En avril 2020, après quatre mois de blocage la Communauté économique des États de l'Afrique de l'Ouest (CEDEAO) a reconnu Umaro Sissoco Embalo comme président. En octobre 2021, le gouvernement a démenti l'existence de préparatifs en vue d'un nouveau putsch.

Ce petit pays (36 100 km2) constitué d'une partie continentale et de l' archipel Bijagos (88 îles dans l'océan Atlantique) est frontalier du Sénégal et de la Guinée . Sa population s'élevait à 1,97 million d'habitants en 2020 (Banque mondiale), avec une grande variété de groupes ethniques, de langues et de religions.
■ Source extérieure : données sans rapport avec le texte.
Lemma lex_square_axiom_sound A alpha phi :
  lex_square_axiom alpha phi -> (forall psi, In psi alpha -> diagram A psi) ->
  diagram (lex_square A) phi.
Proof.
  intros [a [b [c [d [r [Hr E]]]]]] Halpha. rewrite <- Forall_forall in Halpha.
  simpl in Hr; repeat destruct Hr as [<- | Hr]; try contradiction;
    unfold subst_rule, lex_env in E; simpl in E;
    injection E as -> ->; rewrite !Forall_cons_iff in Halpha; decompose [and] Halpha;
    rewrite ?diagram_eq, ?diagram_neq, ?diagram_lt, ?diagram_nlt in *;
    rewrite ?lex_square_dom, ?lex_square_rel; intuition; subst;
    match goal with H : npair _ _ = npair _ _ |- _ => apply npair_inj in H; intuition end.
Qed.

Ltac by_rule r a b c d :=
  exists (fst (subst_rule (lex_env a b c d) r)); split;
  [ exists a, b, c, d, r; split; [simpl; tauto | reflexivity]
  | apply Forall_forall; unfold subst_rule, lex_env; simpl;
    repeat (apply Forall_cons;
            [rewrite ?diagram_eq, ?diagram_neq, ?diagram_lt, ?diagram_nlt; tauto |]);
    apply Forall_nil ].

Lemma lex_square_axiom_complete A phi :
  diagram (lex_square A) phi ->
  exists alpha, lex_square_axiom alpha phi /\ forall psi, In psi alpha -> diagram A psi.
Proof.
  destruct phi as [[p q | p q] | [p q | p q]];
    rewrite ?diagram_eq, ?diagram_neq, ?diagram_lt, ?diagram_nlt;
    destruct (npair_surj p) as (a & b & ->), (npair_surj q) as (c & d & ->);
    rewrite !lex_square_dom, ?lex_square_rel.
  - intros [[Ha Hb] [[Hc Hd] [Hac | [<- Hbd]]]].
    + by_rule rule_lt_fst a b c d.
    + by_rule rule_lt_snd a b a d.
  - intros [[Ha Hb] [<- <-]%npair_inj]. by_rule rule_dom a b a b.
  - intros [[Ha Hb] [[Hc Hd] Hnlt]]. destruct (Nat.eq_dec a c) as [<- | Hac].
    + by_rule rule_nlt_snd a b a d.
    + by_rule rule_nlt_fst a b c d.
  - intros [[Ha Hb] [[Hc Hd] Hneq]]. destruct (Nat.eq_dec a c) as [<- | Hac].
    + assert (b <> d) by congruence. by_rule rule_neq_snd a b a d.
    + by_rule rule_neq_fst a b c d.
Qed.

Definition Elex_env (i : nat) : expr :=
  nth i [EVar 3; EVar 2; EVar 1; EVar 0;
         EPair (EVar 3) (EVar 2); EPair (EVar 1) (EVar 0); EPair (EVar 3) (EVar 0)] EZero.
En 2020, le Produit intérieur brut (PIB) réel de la Guinée-Bissau s'est contracté de 2,8%. Les mesures de quarantaine et la fermeture des frontières décidées face à la pandémie de Covid-19 "ont provoqué la baisse des prix et des ventes de noix de cajou" , la principale production du pays, souligne la Banque africaine de développement (BAD), qui anticipe une croissance de 2,9% en 2021 puis 3,9% en 2022.

Narcotrafiquants

La Guinée-Bissau est classée 175e sur 189 pays dans l'indice de développement humain du Programme des Nations unies pour le développement (classement 2020), qui mesure la qualité de la vie. L' espérance de vie moyenne se limite à 58 ans.

Près de 70% de la population vivait sous le seuil de pauvreté selon la Banque mondiale en 2010 (chiffres les plus récents disponibles). L'instabilité et la pauvreté ont favorisé l'implantation de narcotrafiquants , qui utilisent ce territoire comme zone de transit de la cocaïne entre l'Amérique latine et l'Europe.

Des responsables militaires de ce pays ouest-africain ont souvent été cités dans ce trafic ces dernières années. L'ONU avait salué les progrès réalisés dans la lutte contre le narcotrafic depuis l'élection de José Mario Vaz, mais regretté que la volonté des autorités en la matière se soit "peu affermie" .

Corruption endémique

En août 2021, le président Embalo a exclu d'extrader le général et ancien putschiste Antonio Indjai , recherché par les Etats-Unis pour son implication présumée dans un trafic de drogues en lien avec les Forces armées révolutionnaires de Colombie .

La Guinée-Bissau pâtit d'une corruption endémique , pour laquelle elle était classée 162e sur 180 pays en 2021 par l'ONG Transparency International.